Dataset extract
*** Block opens ***
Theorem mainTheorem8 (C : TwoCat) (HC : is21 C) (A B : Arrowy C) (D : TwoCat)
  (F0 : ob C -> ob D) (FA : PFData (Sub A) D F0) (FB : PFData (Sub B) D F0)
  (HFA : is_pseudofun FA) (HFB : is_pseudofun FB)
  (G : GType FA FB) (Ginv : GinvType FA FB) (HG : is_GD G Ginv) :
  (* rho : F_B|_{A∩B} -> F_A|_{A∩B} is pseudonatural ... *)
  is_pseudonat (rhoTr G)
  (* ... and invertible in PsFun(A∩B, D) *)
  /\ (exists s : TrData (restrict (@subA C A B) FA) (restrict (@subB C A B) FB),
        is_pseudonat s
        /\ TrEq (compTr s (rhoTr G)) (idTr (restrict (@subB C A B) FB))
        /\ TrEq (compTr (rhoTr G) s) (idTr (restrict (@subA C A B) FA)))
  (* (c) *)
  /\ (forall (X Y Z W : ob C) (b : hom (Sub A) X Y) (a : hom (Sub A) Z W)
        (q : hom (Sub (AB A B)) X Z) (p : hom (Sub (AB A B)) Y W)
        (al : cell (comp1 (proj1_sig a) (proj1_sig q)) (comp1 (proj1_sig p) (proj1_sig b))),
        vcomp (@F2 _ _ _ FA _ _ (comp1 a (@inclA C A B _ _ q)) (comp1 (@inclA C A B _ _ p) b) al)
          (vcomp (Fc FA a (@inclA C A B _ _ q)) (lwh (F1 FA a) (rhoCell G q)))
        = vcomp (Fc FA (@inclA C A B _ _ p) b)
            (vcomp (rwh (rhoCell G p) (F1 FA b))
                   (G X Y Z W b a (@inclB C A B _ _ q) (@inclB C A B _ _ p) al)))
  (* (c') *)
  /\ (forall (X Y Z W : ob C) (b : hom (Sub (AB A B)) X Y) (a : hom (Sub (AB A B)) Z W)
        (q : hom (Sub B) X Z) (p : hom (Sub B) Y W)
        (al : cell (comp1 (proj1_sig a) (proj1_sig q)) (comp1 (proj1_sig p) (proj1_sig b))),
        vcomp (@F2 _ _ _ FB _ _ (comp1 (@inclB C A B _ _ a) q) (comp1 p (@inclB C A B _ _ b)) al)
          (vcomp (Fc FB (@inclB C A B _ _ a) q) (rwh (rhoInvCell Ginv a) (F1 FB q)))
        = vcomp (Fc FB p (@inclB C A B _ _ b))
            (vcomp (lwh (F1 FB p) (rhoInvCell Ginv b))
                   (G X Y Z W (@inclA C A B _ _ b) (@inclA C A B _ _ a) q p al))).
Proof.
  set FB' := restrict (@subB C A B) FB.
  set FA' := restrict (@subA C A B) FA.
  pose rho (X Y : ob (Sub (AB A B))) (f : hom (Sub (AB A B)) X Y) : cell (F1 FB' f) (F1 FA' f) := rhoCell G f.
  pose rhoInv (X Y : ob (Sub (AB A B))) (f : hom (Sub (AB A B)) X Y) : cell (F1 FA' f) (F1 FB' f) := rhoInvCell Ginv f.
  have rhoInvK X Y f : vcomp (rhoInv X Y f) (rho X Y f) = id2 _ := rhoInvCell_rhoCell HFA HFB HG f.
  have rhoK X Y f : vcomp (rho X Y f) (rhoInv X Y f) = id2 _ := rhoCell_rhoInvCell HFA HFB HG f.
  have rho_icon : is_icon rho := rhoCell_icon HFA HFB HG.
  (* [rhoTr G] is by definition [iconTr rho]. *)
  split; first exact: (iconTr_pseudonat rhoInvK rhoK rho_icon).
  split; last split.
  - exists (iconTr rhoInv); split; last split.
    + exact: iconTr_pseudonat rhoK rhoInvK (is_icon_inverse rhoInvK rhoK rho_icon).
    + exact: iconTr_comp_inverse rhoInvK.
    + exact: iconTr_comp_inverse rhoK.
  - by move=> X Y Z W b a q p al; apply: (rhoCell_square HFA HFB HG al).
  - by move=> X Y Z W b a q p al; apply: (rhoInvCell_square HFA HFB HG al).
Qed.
*** Block closes ***
*** Block opens ***
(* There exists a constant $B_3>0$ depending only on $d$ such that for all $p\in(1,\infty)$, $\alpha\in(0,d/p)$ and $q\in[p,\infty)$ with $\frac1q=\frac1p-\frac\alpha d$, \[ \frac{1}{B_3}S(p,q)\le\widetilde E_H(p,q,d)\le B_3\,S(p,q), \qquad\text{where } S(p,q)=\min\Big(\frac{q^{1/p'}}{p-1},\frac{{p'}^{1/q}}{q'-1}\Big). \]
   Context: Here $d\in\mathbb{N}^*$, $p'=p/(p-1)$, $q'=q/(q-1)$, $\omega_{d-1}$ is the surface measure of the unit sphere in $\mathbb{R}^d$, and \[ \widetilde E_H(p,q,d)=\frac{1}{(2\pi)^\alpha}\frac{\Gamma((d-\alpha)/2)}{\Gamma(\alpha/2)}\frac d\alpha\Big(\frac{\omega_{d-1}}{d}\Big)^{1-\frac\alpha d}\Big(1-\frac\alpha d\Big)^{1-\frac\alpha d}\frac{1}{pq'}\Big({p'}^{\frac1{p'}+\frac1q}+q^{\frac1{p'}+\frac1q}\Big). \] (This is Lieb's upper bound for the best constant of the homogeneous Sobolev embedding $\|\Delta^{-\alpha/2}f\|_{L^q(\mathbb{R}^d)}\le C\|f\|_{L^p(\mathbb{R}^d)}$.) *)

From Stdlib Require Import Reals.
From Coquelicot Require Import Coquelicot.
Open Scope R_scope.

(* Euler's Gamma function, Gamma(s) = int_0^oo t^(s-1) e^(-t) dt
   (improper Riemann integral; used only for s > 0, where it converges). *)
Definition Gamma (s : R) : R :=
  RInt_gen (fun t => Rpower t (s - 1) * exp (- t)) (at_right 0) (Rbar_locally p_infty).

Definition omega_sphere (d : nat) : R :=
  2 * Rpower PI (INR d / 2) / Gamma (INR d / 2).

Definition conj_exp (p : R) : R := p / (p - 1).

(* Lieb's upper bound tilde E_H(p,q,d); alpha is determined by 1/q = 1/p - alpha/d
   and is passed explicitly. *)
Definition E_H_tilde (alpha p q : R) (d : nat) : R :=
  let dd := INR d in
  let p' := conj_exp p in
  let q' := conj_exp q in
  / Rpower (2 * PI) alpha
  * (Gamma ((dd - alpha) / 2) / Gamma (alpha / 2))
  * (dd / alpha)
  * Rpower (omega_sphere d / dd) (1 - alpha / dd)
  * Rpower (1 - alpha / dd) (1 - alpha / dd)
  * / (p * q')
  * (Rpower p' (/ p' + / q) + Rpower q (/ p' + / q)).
*** Block closes ***
Problem to work on
Give back exactly the lines above, from the line containing "have rhoInvK X" through the line containing "- exists (iconTr", with both end lines and nothing more.

Task result
  have rhoInvK X Y f : vcomp (rhoInv X Y f) (rho X Y f) = id2 _ := rhoInvCell_rhoCell HFA HFB HG f.
  have rhoK X Y f : vcomp (rho X Y f) (rhoInv X Y f) = id2 _ := rhoCell_rhoInvCell HFA HFB HG f.
  have rho_icon : is_icon rho := rhoCell_icon HFA HFB HG.
  (* [rhoTr G] is by definition [iconTr rho]. *)
  split; first exact: (iconTr_pseudonat rhoInvK rhoK rho_icon).
  split; last split.
  - exists (iconTr rhoInv); split; last split.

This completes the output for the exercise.